This processor is used in our embedded systems course lab, together with an I/O space to AHB-Lite adapter. It processes each instruction, except for the jumps, within a single clock period.

The interrupt logic has not been implemented yet.

Component

NanoBlaze.png

The figure on the right shows the processor's inputs and outputs.

Generics

Various sizes can be defined with the help of generic parameters:

  • registerBitNb defines the data bit width
  • registerAddressBitNb allows to choose the number of internal registers
  • programCounterBitNb allows to cope with different program lengths
  • stackPointerBitNb adapts to various nesting depths of the subroutines
  • scratchPadAddressBitNb allows to manage the size of the scratchpad
  • addressBitNb defines the size of the I/O space

With scratchPadAddressBitNb = 0, the scratchpad is not implemented physically.

Speed

Contrarily to the PicoBlaze, the NanoBlaze executes every instruction within a single clock cycle. This design choice reduces the maximal operating speed compared to the original 2-cycle processor. However, an additional en input allows to have it work at half the clock rate and so catch up the performance of the original processor, as long as the synthesis tool allows to do so (to be verified). Dividing the operating frequency by a factor greater than 2 allows the NanoBlaze to work in systems working at even higher frequencies without requiring to split a design into multiple clock domains.

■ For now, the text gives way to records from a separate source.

(* Let $u,\phi_1,\dots,\phi_N$ be a solution of the $n$-th KdV equation with self-consistent sources of degree $N$ (with distinct constants $\lambda_1,\dots,\lambda_N$ and constant $\alpha$). Fix a constant $\eta$, and let $f_1$ satisfy the Lax pair $$f_{1,xx}+(\xi_1+u)f_1=0,\qquad f_{1,t}=Q^{(n,N)}f_1$$ with spectral parameter $\lambda=\xi_1$. For any $\psi$ satisfying the Lax pair $\psi_{xx}+(\lambda+u)\psi=0$, $\psi_t=Q^{(n,N)}\psi$ with spectral parameter $\lambda$ (and the same $\eta$), define the Darboux transformation $$\bar\psi=\psi_x-\frac{f_{1,x}}{f_1}\psi,\qquad \bar u=u+2\partial^2\ln f_1,\qquad \bar\phi_j=\frac{1}{\sqrt{\lambda_j-\xi_1}}\Big[\phi_{j,x}-\frac{f_{1,x}}{f_1}\phi_j\Big],\quad j=1,\dots,N.$$ Then $$\bar\psi_{xx}+(\lambda+\bar u)\bar\psi=0,\qquad \bar\psi_t=A^{(n)}(\bar u,\lambda)\bar\psi+\eta\bar\psi+\alpha\sum_{j=1}^N\bar\phi_j\,\partial^{-1}(\bar\phi_j\bar\psi),$$ and $\bar u,\bar\phi_1,\dots,\bar\phi_N$ satisfy the $n$-th KdV equation with self-consistent sources of degree $N$: $$\bar u_t=\partial\Big[-2b_{n+2}[\bar u]-2\alpha\sum_{j=1}^N\bar\phi_j^2\Big],\qquad \bar\phi_{j,xx}+(\lambda_j+\bar u)\bar\phi_j=0,\ j=1,\dots,N.$$
   Context: Let $\partial=\partial/\partial x$ and $\partial^{-1}=\int_{-\infty}^x\cdot\,dx$, so $\partial\partial^{-1}=\partial^{-1}\partial=1$; all functions of $(x,t)$ are smooth and decay as $x\to-\infty$ sufficiently fast that all integrals $\partial^{-1}(\cdot)$ appearing converge (in particular products of eigenfunctions such as $\phi_j\psi$ decay at $x=-\infty$). For a potential $u(x,t)$ let $L=-\frac14\partial^2-u+\frac12\partial^{-1}u_x$, and define $b_0=0$, $b_1=1$, $b_{k+1}=Lb_k$ for $k\ge1$ (so $b_{k+1}=-\frac12L^{k-1}u$), $a_k=-\frac12 b_{k,x}$ for $k\ge0$; write $b_k[u]$ to indicate dependence on $u$. Fix an integer $n\ge0$ and write $t=t_n$. Define the differential operator $A^{(n)}(u,\lambda)=\sum_{i=0}^{n+1}(a_i+b_i\partial)\lambda^{n+1-i}$. The $n$-th KdV equation with self-consistent sources of degree $N$ (constant $\alpha$, distinct constants $\lambda_j$) is the system $u_t=\partial\big[-2b_{n+2}[u]-2\alpha\sum_{j=1}^N\phi_j^2\big]$, $\phi_{j,xx}+(\lambda_j+u)\phi_j=0$, $j=1,\dots,N$. For a constant $\eta$ and spectral parameter $\lambda$, $Q^{(n,N)}$ denotes the operator $Q^{(n,N)}\psi=A^{(n)}(u,\lambda)\psi+\eta\psi+\alpha\sum_{j=1}^N\phi_j\,\partial^{-1}(\phi_j\psi)$. *)

(* Functions of (x,t) are complex valued:
   fn := R -> R -> C  with argument order  f x t. *)
From Stdlib Require Import Reals.
From Coquelicot Require Export Coquelicot.

Open Scope C_scope.

Definition fn := R -> R -> C.

Definition Dr (g : R -> C) (x : R) : C :=
  (Derive (fun y => fst (g y)) x, Derive (fun y => snd (g y)) x).

Definition dx (f : fn) : fn := fun x t => Dr (fun y => f y t) x.
Definition dt (f : fn) : fn := fun x t => Dr (fun s => f x s) t.

(* \partial^{-1} f (x,t) = \int_{-\infty}^x f(y,t) dy (improper Riemann integral) *)
Definition pinv (f : fn) : fn :=
  fun x t => @RInt_gen C_R_CompleteNormedModule (fun y => f y t) (Rbar_locally m_infty) (at_point x).

Definition pinv_conv (f : fn) : Prop :=
  forall x t, @ex_RInt_gen C_R_NormedModule (fun y => f y t) (Rbar_locally m_infty) (at_point x).

Fixpoint iterD (s : list bool) (f : fn) : fn :=
  match s with
  | nil => f
  | cons b s' => (if b then dt else dx) (iterD s' f)
  end.

Definition smooth (f : fn) : Prop :=
  forall s, forall x t,
    ex_derive (fun y => fst (iterD s f y t)) x /\
    ex_derive (fun y => snd (iterD s f y t)) x /\
    ex_derive (fun r => fst (iterD s f x r)) t /\
    ex_derive (fun r => snd (iterD s f x r)) t /\
    continuity_2d_pt (fun a b => fst (iterD s f a b)) x t /\
    continuity_2d_pt (fun a b => snd (iterD s f a b)) x t.

Definition decays (f : fn) : Prop :=
  forall s t,
    is_lim (fun x => fst (iterD s f x t)) m_infty 0%R /\
    is_lim (fun x => snd (iterD s f x t)) m_infty 0%R.

Definition cst (c : C) : fn := fun _ _ => c.

Fixpoint csum (n : nat) (F : nat -> C) : C :=
  match n with
  | O => 0
  | S m => csum m F + F m
  end.

Fixpoint cpow (z : C) (k : nat) : C :=
  match k with
  | O => 1
  | S m => z * cpow z m
  end.

Definition Lop (u b : fn) : fn :=
  fun x t => - (1/4) * dx (dx b) x t - u x t * b x t
             + (1/2) * pinv (fun y s => dx u y s * b y s) x t.

Fixpoint bseq (u : fn) (k : nat) : fn :=
  match k with
  | O => cst 0
  | S k' => match k' with
            | O => cst 1
            | S _ => Lop u (bseq u k')
            end
  end.

Definition aseq (u : fn) (k : nat) : fn := fun x t => - (1/2) * dx (bseq u k) x t.

Definition Aop (n : nat) (u : fn) (lam : C) (psi : fn) : fn :=
  fun x t => csum (n + 2)
    (fun i => (aseq u i x t * psi x t + bseq u i x t * dx psi x t)
              * cpow lam (n + 1 - i)).

(* Q^{(n,N)} psi = A^{(n)}(u,lam) psi + eta psi + alpha sum_j phi_j d^{-1}(phi_j psi);
   the sources are phi 0, ..., phi (N-1) *)
Definition Qop (n N : nat) (alpha eta : C) (u : fn) (phi : nat -> fn)
  (lam : C) (psi : fn) : fn :=
  fun x t => Aop n u lam psi x t + eta * psi x t
    + alpha * csum N (fun j => phi j x t * pinv (fun y s => phi j y s * psi y s) x t).

Definition KdVSCS (n N : nat) (alpha : C) (lams : nat -> C) (u : fn) (phi : nat -> fn) : Prop :=
  (forall x t, dt u x t =
     dx (fun y s => - 2 * bseq u (n + 2) y s
                    - 2 * alpha * csum N (fun j => phi j y s * phi j y s)) x t) /\
  (forall j, (j < N)%nat -> forall x t,
     dx (dx (phi j)) x t + (lams j + u x t) * phi j x t = 0).

Definition LaxPair (n N : nat) (alpha eta : C) (u : fn) (phi : nat -> fn)
  (lam : C) (psi : fn) : Prop :=
  (forall x t, dx (dx psi) x t + (lam + u x t) * psi x t = 0) /\
  (forall x t, dt psi x t = Qop n N alpha eta u phi lam psi x t).

Definition dbar (f1 g : fn) : fn := fun x t => dx g x t - (dx f1 x t / f1 x t) * g x t.
(* u + 2 d^2 ln f1 = u + 2 d (f1_x / f1) *)
Definition ubar (u f1 : fn) : fn :=
  fun x t => u x t + 2 * dx (fun y s => dx f1 y s / f1 y s) x t.
(* phibar_j = (1 / r_j) [phi_{j,x} - f1_x/f1 phi_j], r_j a square root of lam_j - xi1 *)
Definition phibar (f1 : fn) (r : nat -> C) (phi : nat -> fn) (j : nat) : fn :=
  fun x t => / r j * dbar f1 (phi j) x t.

(* Fix t; everything becomes an identity between functions of x.  Put g = f1_x / f1.  The
   Schroedinger equation for f1 gives the Riccati equation g' = -xi1 - u - g^2, hence
   ubar = -u - 2 xi1 - 2 g^2 and psibar = psi' - g psi solves the Schroedinger equation with
   potential ubar.  The Lenard sequence of ubar is b_i[u] + d_i with d_0 = 0 and
   d_(i+1) = xi1 d_i - ((-xi1 - u - g^2) b_i + g b_i' - b_i''/2), because each nonlocal term
   pinv(ubar_x (b_i + d_i)) has an explicit primitive vanishing at -oo.  This needs the
   asymptotics of g: convergence of pinv(ubar_x) makes ubar converge at -oo, so g is bounded,
   and as g' = (ubar + u)/2 tends to half that limit while g stays bounded, the limit is 0;
   bootstrapping the Riccati equation then controls every derivative of g.  The source
   integrals are Wronskians: pinv(phi_j f1) = W(phi_j, f1) / (lambda_j - xi1) and
   (lambda_j - lambda) pinv(phi_j psi) = W(phi_j, psi).  With these closed forms the
   t-derivatives of psibar and ubar (after exchanging d_t and d_x) reduce to algebraic
   identities, in which the sum over i telescopes. *)

From Stdlib Require Import Reals Lra Lia FunctionalExtensionality List.
From Coquelicot Require Import Coquelicot.
Open Scope C_scope.

(** * Derivatives of complex-valued functions of a real variable *)

Lemma is_derive_Rmult (f g : R -> R) x df dg :
  is_derive f x df -> is_derive g x dg ->
  is_derive (fun y => f y * g y)%R x (df * g x + f x * dg)%R.
Proof.
  intros Hf Hg.
  replace (df * g x + f x * dg)%R with (plus (mult df (g x)) (mult (f x) dg))
    by (unfold plus, mult; simpl; ring).
  exact (is_derive_mult f g x df dg Hf Hg (fun _ _ => Rmult_comm _ _)).
Qed.

Lemma is_derive_Rinv (f : R -> R) x df :
  is_derive f x df -> f x <> 0%R -> is_derive (fun y => / f y)%R x (- df / (f x * f x))%R.
Proof.
  intros Hf Hnz.
  replace (- df / (f x * f x))%R with (scal (opp df) (/ (f x ^ 2)))%R
    by (unfold scal, opp; simpl; unfold mult; simpl; field; exact Hnz).
  exact (is_derive_inv f x df Hf Hnz).
Qed.

Definition is_Cderive (h h' : R -> C) : Prop := forall x,
  is_derive (fun y => fst (h y)) x (fst (h' x)) /\
  is_derive (fun y => snd (h y)) x (snd (h' x)).

Definition ex_Cderive (h : R -> C) : Prop := forall x,
  ex_derive (fun y => fst (h y)) x /\ ex_derive (fun y => snd (h y)) x.

Lemma is_Cderive_Dr h h' : is_Cderive h h' -> forall x, Dr h x = h' x.
Proof.
  intros H x. destruct (H x) as [H1 H2]. unfold Dr.
  transitivity (fst (h' x), snd (h' x)); [|destruct (h' x); reflexivity].
  f_equal; apply is_derive_unique; auto.
Qed.

Lemma is_Cderive_Dr_fun h h' : is_Cderive h h' -> Dr h = h'.
Proof. intros H; apply functional_extensionality; apply is_Cderive_Dr; auto. Qed.

Lemma ex_Cderive_correct h : ex_Cderive h -> is_Cderive h (Dr h).
Proof. intros H x. destruct (H x) as [H1 H2]. split; apply Derive_correct; auto. Qed.

Lemma is_Cderive_ex h d : is_Cderive h d -> ex_Cderive h.
Proof. intros H x; destruct (H x); split; eexists; eauto. Qed.

Lemma is_Cderive_ext h d d' : is_Cderive h d -> (forall x, d x = d' x) -> is_Cderive h d'.
Proof. intros H E x. rewrite <- E. apply H. Qed.

Lemma is_Cderive_ext_l h h2 d : is_Cderive h d -> (forall x, h x = h2 x) -> is_Cderive h2 d.
Proof. intros H E. replace h2 with h; auto. apply functional_extensionality; auto. Qed.

Lemma is_Cderive_const (c : C) : is_Cderive (fun _ => c) (fun _ => 0).
Proof. intros x; split; apply (is_derive_const (K := R_AbsRing) (V := R_NormedModule)). Qed.

Lemma is_Cderive_plus a b a' b' : is_Cderive a a' -> is_Cderive b b' ->
  is_Cderive (fun x => a x + b x) (fun x => a' x + b' x).
Proof. intros H1 H2 x; destruct (H1 x), (H2 x); split; apply @is_derive_plus; auto. Qed.

Lemma is_Cderive_opp a a' : is_Cderive a a' -> is_Cderive (fun x => - a x) (fun x => - a' x).
Proof. intros H1 x; destruct (H1 x); split; apply @is_derive_opp; auto. Qed.

Lemma is_Cderive_minus a b a' b' : is_Cderive a a' -> is_Cderive b b' ->
  is_Cderive (fun x => a x - b x) (fun x => a' x - b' x).
Proof. intros H1 H2. apply is_Cderive_plus; auto. apply is_Cderive_opp; auto. Qed.

Lemma is_Cderive_mult a b a' b' : is_Cderive a a' -> is_Cderive b b' ->
  is_Cderive (fun x => a x * b x) (fun x => a' x * b x + a x * b' x).
Proof.
  intros H1 H2 x; destruct (H1 x) as [A1 A2], (H2 x) as [B1 B2]; split; simpl.
  - replace (fst (a' x) * fst (b x) - snd (a' x) * snd (b x)
             + (fst (a x) * fst (b' x) - snd (a x) * snd (b' x)))%R
      with ((fst (a' x) * fst (b x) + fst (a x) * fst (b' x))
            + - (snd (a' x) * snd (b x) + snd (a x) * snd (b' x)))%R by ring.
    apply @is_derive_plus; [|apply @is_derive_opp]; apply is_derive_Rmult; auto.
  - replace (fst (a' x) * snd (b x) + snd (a' x) * fst (b x)
             + (fst (a x) * snd (b' x) + snd (a x) * fst (b' x)))%R
      with ((fst (a' x) * snd (b x) + fst (a x) * snd (b' x))
            + (snd (a' x) * fst (b x) + snd (a x) * fst (b' x)))%R by ring.
    apply @is_derive_plus; apply is_derive_Rmult; auto.
Qed.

Synchronous BlockRam delay

The NanoBlaze's instruction ROM is designed to be mapped as a Block RAM. Due to this mapping, the instructions are provided delayed by one clock period compared to the program counter. With this, when a branch condition is met, the processor will anyway have received the instruction of the next memory location. Obviously, that instruction will not be executed, and this means that every successful branch requires two clock cycles.

Assembler

The NanoBlaze has an assembler written in PERL which thus runs on any operating system. In our labs, the assembler is integrated in the Mentor HDL Designer environment.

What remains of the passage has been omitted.